Dream land and the Difficulties in Adjustment to It.

It finally happened about a week ago now. I’ve clinged on to my backpack (stuffed with clothes to cover my body, meaningless papers to cover my ‘identity’, books and devices to fulfill my hunger for information) until fuel-burning monster birds finally carried me off where I intended to end up. Now I’m victoriously lying on the floor of a six-mat-sized room trying to blend in with it — I meant my current environment. The “Moon city” I’ve read about as a child. And I feel like one.

I don’t have to go to school or university or — lion-dog bless me — any kind of work, not yet. I am free to roam and to ride my silver bicycle, something I haven’t done once in the last 7 years. And I can’t read a thing around me. Horrific. Puzzling. Interesting.

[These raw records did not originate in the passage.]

Lemma sum_inv_jump k i' : \sum_i inv (j k) i * jump k i i' =
  (i' == j k.+1)%:R * K (j k) i' * (if i' \in S then (level_of k + 1 == level_of k.+1)%:R
                                    else (level_of k - 1 == level_of k.+1)%:R).
Proof.
have -> : K (j k) i' = \sum_i inv (j k) i * (Cm i i' + Cp i i').
  by rewrite K_def mxE; apply: eq_bigr => i _; rewrite mxE.
rewrite mulr_sumr mulr_suml; apply: eq_bigr => i _; rewrite /jump !matchesE.
case: (boolP (i' \in S)) => i'S /=; first rewrite Cm_in //; last rewrite Cp_notin //.
all: by rewrite -!mulnb !natrM; ring.
Qed.

Lemma embedded_step k i' : \sum_i inv (j k) i * jump k i i' =
  (i' == j k.+1)%:R * qbd_tr D_down D_flip D_up (m k) (j k) (m k.+1) (j k.+1).
Proof.
rewrite sum_inv_jump; have [->|_] := eqVneq i' (j k.+1); last by rewrite !mul0r.
rewrite /level_of; case jS: (j k \in S); case jS': (j k.+1 \in S);
  [rewrite qbd_tr_up | rewrite qbd_tr_stay | rewrite qbd_tr_stay | rewrite qbd_tr_down];
  try by rewrite mxE jS jS'.
all: rewrite mxE jS jS' /= !mul1r; congr (_ * _); do 2!apply: congr1.
all: by apply/eqP/eqP => ?; lra.
Qed.

Lemma path_prob_ge0 N (w : {ffun 'I_N -> 'I_3 * 'I_n}) : 0 <= path_prob Cm C0 Cp 1 i0 w.
Proof.
apply: prodr_ge0 => t _; rewrite /qbd_tr.
by do 3!case: ifP => _ //.
Qed.

Lemma cvg_series_arrival k i :
  series (fun N => arrival N k i) @ \oo --> embedded_prob k * (i == j k)%:R.
Proof.
elim: k i => [|k IH] i.
  have arr0 M : series (fun N => arrival N 0 i) M.+1 = arrival 0 0 i.
    rewrite seriesEnat /= big_nat_recl // big1 ?addr0 // => N _; exact: arrivalS0.
  rewrite -cvg_shiftS; under eq_fun do rewrite arr0.
  rewrite (_ : embedded_prob 0 * _ = arrival 0 0 i); first exact: cvg_cst.
  rewrite arrival0 matchesE /qbd_seq_prob big_ord0 mulr1 /level_of /=.
  have [ji0|ne] := eqVneq (j 0%N) i0; last first.
    by rewrite andbF /= andbF mul0r.
  rewrite ji0 i0S !andbT -natrM mulnb andbC; do 2!apply: congr1.
  by congr (_ && _); apply/eqP/eqP => ?; lra.
have occ_ge0 N i' : 0 <= occupation N k i'.
  by apply: sumr_ge0 => w _; apply: mulr_ge0 => //; exact: path_prob_ge0.
have arr_ge0 N i' : 0 <= arrival N k i'.
  by apply: sumr_ge0 => w _; apply: mulr_ge0 => //; exact: path_prob_ge0.
have occ := cvg_series_resolvent C0_ge0 row_C0_lt1 occ_ge0 arr_ge0
  (@occupation_arrival0 _ _ S m j i0 Cm C0 Cp k) (@occupationS _ _ S m j i0 Cm C0 Cp ^~ k) IH.
have arr0 i' : arrival 0 k.+1 i' = 0 by rewrite arrival0 /= andbF.
have := cvg_series_shift (e := fun N i => arrival N k.+1 i) arr0
  (fun N i' => @arrivalSS _ _ S m j i0 Cm C0 Cp N k i') occ (i' := i).
congr (_ --> _); under eq_bigr do under eq_bigr do rewrite mulrAC.
under eq_bigr do rewrite sum_mul_delta -mulrA.
rewrite -mulr_sumr embedded_step /qbd_seq_prob big_ord_recr /=; ring.
Qed.

Lemma sum_paths_tau_event N K' :
  \sum_(w : {ffun 'I_N -> 'I_3 * 'I_n}) path_prob Cm C0 Cp 1 i0 w *
    (is_tau (path_level 1 w) K' N &&
     [forall k : 'I_K'.+1, forall t : 'I_N.+1, is_tau (path_level 1 w) k t ==>
        ((Mval R S (path_level 1 w t) (path_phase i0 w t) == m k) &&
         (path_phase i0 w t == j k))])%:R
  = \sum_i arrival N K' i.
Proof.
rewrite exchange_big; apply: eq_bigr => w _; rewrite tau_eventE -mulr_sumr.
by rewrite sum_delta_andb /tracked andbCA.
Qed.

Theorem embedded_qbd_path_prob K' :
  (\sum_(0 <= N <oo)
     (\sum_(w : {ffun 'I_N -> 'I_3 * 'I_n})
        path_prob Cm C0 Cp 1 i0 w *
        ((is_tau (path_level 1 w) K' N &&
          [forall k : 'I_K'.+1, forall t : 'I_N.+1,
             is_tau (path_level 1 w) k t ==>
             ((Mval R S (path_level 1 w t) (path_phase i0 w t) == m k) &&
              (path_phase i0 w t == j k))]))%:R)%:E)%E
  = (embedded_prob K')%:E.
Proof.
apply: eseries_EFin; under eq_fun do rewrite sum_paths_tau_event.
have -> : series (fun N => \sum_i arrival N K' i) =
          fun M => \sum_i series (fun N => arrival N K' i) M.
  by apply/funext => M; rewrite !seriesEnat /= exchange_big.
by have := cvg_sum (fun i => cvg_series_arrival (k := K') (i := i)); rewrite sum_mul_delta.
Qed.

End EmbeddedQBD.

Section Generator.
Variables (R : realType) (n : nat) (T : 'M[R]_n).
Hypothesis T_offdiag_ge0 : forall i j, i != j -> 0 <= T i j.
Hypothesis T_row0 : forall i, \sum_j T i j = 0.

Lemma Pmat_ge0 c : 0 < c -> (forall i, `|T i i| <= c) -> forall i k, 0 <= Pmat c T i k.
Proof.
move=> c_gt0 Tc i k; rewrite !mxE; have [<-|ik] := eqVneq i k; last first.
  by rewrite mulr0n add0r mulr_ge0 ?invr_ge0 ?(ltW c_gt0) // T_offdiag_ge0.
have Tii : - c <= T i i by move: (Tc i); rewrite ler_norml => /andP [].
have : 0 <= c^-1 * (c + T i i) by apply: mulr_ge0; [rewrite invr_ge0 ltW | lra].
by rewrite mulrDr mulVf ?gt_eqF.
Qed.

Lemma sum_Pmat (P : pred 'I_n) c i :
  \sum_(k | P k) Pmat c T i k = (P i)%:R + c^-1 * \sum_(k | P k) T i k.
Proof.
under eq_bigr do rewrite !mxE; rewrite big_split /= mulr_sumr; congr (_ + _).
rewrite big_mkcond (bigD1 i) //= eqxx big1 ?addr0 => [|k /negbTE]; last first.
  by rewrite eq_sym => ->; rewrite if_same.
by case: (P i).
Qed.

Lemma sum_Pmat_mix_lt2 (P : pred 'I_n) a b i : P i -> 0 < a -> 0 < b -> `|T i i| <= b ->
  \sum_k (if P k then Pmat a T i k else Pmat b T i k) < 2.
Proof.
(* With t the rate from i out of P, the sum is 1 + t / b - t / a, where
   0 <= t <= |T i i| <= b. *)
move=> Pi a_gt0 b_gt0 Tb; rewrite (bigID P) /=.
rewrite (eq_bigr (fun k => Pmat a T i k)) => [|k -> //].
rewrite [X in _ + X](eq_bigr (fun k => Pmat b T i k)) => [|k /negbTE -> //].
rewrite !sum_Pmat /= Pi /=; set t := \sum_(k | ~~ P k) T i k.
have sP : \sum_(k | P k) T i k = - t.
  by have := T_row0 i; rewrite (bigID P) /= => /eqP; rewrite addr_eq0 => /eqP.
have t_ge0 : 0 <= t.
  apply: sumr_ge0 => k Pk; apply: T_offdiag_ge0; apply: contraNneq Pk => <-; exact: Pi.
have t_le : t <= b.
  have : T i i <= \sum_(k | P k) T i k.
    rewrite (bigD1 i) //= lerDl sumr_ge0 // => k /andP [_ ki].
    by apply: T_offdiag_ge0; rewrite eq_sym.
  by move: Tb; rewrite sP ler_norml => /andP [? _]; lra.
have tb : b^-1 * t <= 1 by rewrite mulrC ler_pdivrMr // mul1r.
rewrite sP; have [->|t_neq0] := eqVneq t 0; first by rewrite oppr0 !mulr0; lra.
have : 0 < a^-1 * t by rewrite mulr_gt0 ?invr_gt0 // lt_neqAle eq_sym t_neq0.
lra.
Qed.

What’s more — there’s no network on my phone, so it feels like a trip back to <2010 when mobile internet was expensive or non-existent and had no ecosystem to use it with whatsoever. Now it’s just a portable camera-dictionary-notebook — and my only ‘uplink’ is limited to my room. Well-dosed internet is just what I needed.

All text above highlights my current objectives, which are quite clear now: I have to work on communication and on symbol semantics (i.e. reading and writing) so I am able survive after my noodles and moneys come to an end. So far I’m doing fine.

What else I need now is a hat and comic books.